Какое-то время я провалялся в магаданской больнице; у меня открылось легочное кровотечение. Однажды ночью в больницу привезли множество полуживых, пропахших гарью людей — обожженных и обваренных паром. Это были зэки с парохода

«Джурма».

Во время перевозки заключенных в Охотском море на пароходе возник пожар. В трюмах «Джурмы» — семь тысяч человек. Из-за того, что везли такой груз, не решились послать в эфир сигнал о помощи, принялись тушить огонь своими силами. Задраили люки и пустили в трюм горячий пар из котлов. Пожар был ликвидирован. Большинство зэков погибло в страшных мучениях.

Месяц спустя (меня уже вернули на лагпункт), вернувшись вечером в барак, мы были поражены такой картиной: у каждого на нарах лежат небольшими кучками печенье, шоколад и колбаса — все оплавленное и обгорелое.

Дневальный сказал, что все это добро — с «Джурмы»: везли для вольняшек, да вот... Еще сказал, что целый день делил и раскладывал, чтоб всем поровну. Нечего и говорить, что мы мигом все подъели — помянули погибших...

В один из дней меня и старика-художника, кантовавшегося при КВЧ, ни слова не говоря, посадили в кузов грузовика и повезли в Магадан.

Как оказалось, там собрали художников из разных лагерей. Был устроен конкурс рисунков, по которому отобрали четверых: в их число попали Иван Пархоменко, Виктор Трухачев, Сергей Райхенберг и я. Нам надлежало увековечить в живописи знаменательное в истории Колымы событие: зимой, в ненавигационное время, в бухту Нагаево пришел «сталинский», как его называли, караван судов с различным оборудованием, вел караван ледокол «Красин».

- 88 -

Что и как писал Пархоменко — сейчас уже не помню, Трухачев изобразил суда на подходе к бухте, мы с Райхепбергом взяли сюжетом разгрузку: грузы машинами развозили километров на пять в сторону от кораблей, раскладывали прямо па льду с таким расчетом, чтобы он не проломился. Зрелище слаженной работы было впечатляющим. Мы сделали десятки этюдов, затем перешли к работе маслом. Подписать готовые работы нам запретили, но Виктор Трухачев все же поставил подпись в нижнем правом углу картины, поверх наложил мазки нужного тона, надеясь, что когда-нибудь можно будет снять слой краски — и обнаружится автор полотна. Все четыре картины были выставлены в Магаданском краеведческом музее (может быть, они сохранились там и по сей день?).
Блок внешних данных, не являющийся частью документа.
Lemma cond_entropy21_le_rate2 : cond_entropy21 pX <= R2.
Proof.
apply: (xentropy_le_rate p_ge0 p_sum1 (pmf_div_marg1_in01 p_ge0)
  (C := fun n => #|C2 (sys n)|) (succ := fun n => succ_prob (sys n) pX) eps_lt1).
- by move=> n; exact: card_C2_gt0.
- move=> n th lam th_gt0 lam_ge0.
  apply: (sum_iid_le_threshold_split p_ge0 (pmf_div_marg1_in01 p_ge0)
    (nu := fun x1 _ => \prod_i marg1 pX (tnth x1 i))) => //.
  + by move=> x1 _; rewrite prodr_ge0 // => i _; rewrite sumr_ge0.
  + exact: iid_factor_marg1.
  apply: sum_if_le_card; first exact: card_decodes_fiber1.
  + by move=> x1; rewrite prodr_ge0 // => i _; rewrite sumr_ge0.
  exact: sum_prod_marg1.
- move=> g g_gt0; have [n0 rates] := sys_rates g_gt0.
  by exists n0 => n /rates[_ rate2 err]; split; last exact: succ_prob_ge.
Qed.

Lemma joint_entropy_le_rate_sum : joint_entropy pX <= R1 + R2.
Proof.
apply: (xentropy_le_rate p_ge0 p_sum1 (pmf_in01 p_ge0 p_sum1)
  (C := fun n => (#|C1 (sys n)| * #|C2 (sys n)|)%N)
  (succ := fun n => succ_prob (sys n) pX) eps_lt1).
- by move=> n; rewrite muln_gt0 card_C1_gt0 card_C2_gt0.
- move=> n th lam th_gt0 lam_ge0.
  apply: (sum_iid_le_threshold_split p_ge0 (pmf_in01 p_ge0 p_sum1) (nu := fun _ _ => 1)) => //.
  + by move=> x1 x2; rewrite mul1r.
  exact: sum_decodes_le.
- move=> g g_gt0; have [n0 rates] := @sys_rates (g / 2) ltac:(lra).
  exists n0 => n /rates[rate1 rate2 err]; split; last exact: succ_prob_ge.
  have C_gt0 (C : finType) : (0 < #|C|)%N -> (#|C|%:R : R) \in Num.pos by rewrite posrE ltr0n.
  rewrite natrM /log2 lnM ?C_gt0 ?card_C1_gt0 ?card_C2_gt0 // !mulrDl.
  rewrite /log2 in rate1 rate2; lra.
Qed.

End RateBounds.

Theorem theorem2 (R : realType) (F1 F2 : finFieldType)
  (pX pK : F1 -> F2 -> R) (delta0 : R) :
  is_pmf2 pX -> is_pmf2 pK -> 0 < delta0 ->
  forall eps delta : R, 0 < eps < 1 -> 0 < delta <= delta0 ->
  forall R1 R2 : R,
    reliable_secure_rate pX pK eps delta R1 R2 -> R_sw pX R1 R2.
Proof.
move=> [p_ge0 p_sum1] _ _ eps delta /andP[_ eps_lt1] _ R1 R2 [sys reliable].
have sys_rates gamma : 0 < gamma -> exists n0, forall n, (n0 <= n)%N ->
    [/\ log2 #|C1 (sys n)|%:R / n%:R <= R1 + gamma,
        log2 #|C2 (sys n)|%:R / n%:R <= R2 + gamma & err_prob pX (sys n) <= eps].
  move=> gamma_gt0; have [n0 bounds] := reliable gamma gamma_gt0.
  by exists n0 => n /bounds[rate1 [rate2 [err _]]].

split; [|split].
- exact: (cond_entropy12_le_rate1 p_ge0 p_sum1 (sys := sys) eps_lt1 sys_rates).
- exact: (cond_entropy21_le_rate2 p_ge0 p_sum1 (sys := sys) eps_lt1 sys_rates).
- exact: (joint_entropy_le_rate_sum p_ge0 p_sum1 (sys := sys) eps_lt1 sys_rates).
Qed.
Закончив работы, мы обреченно ждали, что нас вернут в наши лагеря, но, к счастью, начальство распорядилось иначе: всех четверых оставили в Магадане — местным театральным коллективам нужны были художники.

Меня направили на работу в Парк культуры и отдыха. Там у меня была мастерская, в ней я и ночевал, лишь раз в месяц являясь в магаданский лагерь на отметку. У меня появился дружок — маленький белый песик. Прежде он жил в парке при спортивном павильоне, павильон сгорел. Снежок неприкаянно бродил по пепелищу — я его и подобрал. Мы очень друг к другу привязались, ели, можно сказать, из одной миски, не разлучались ни на час.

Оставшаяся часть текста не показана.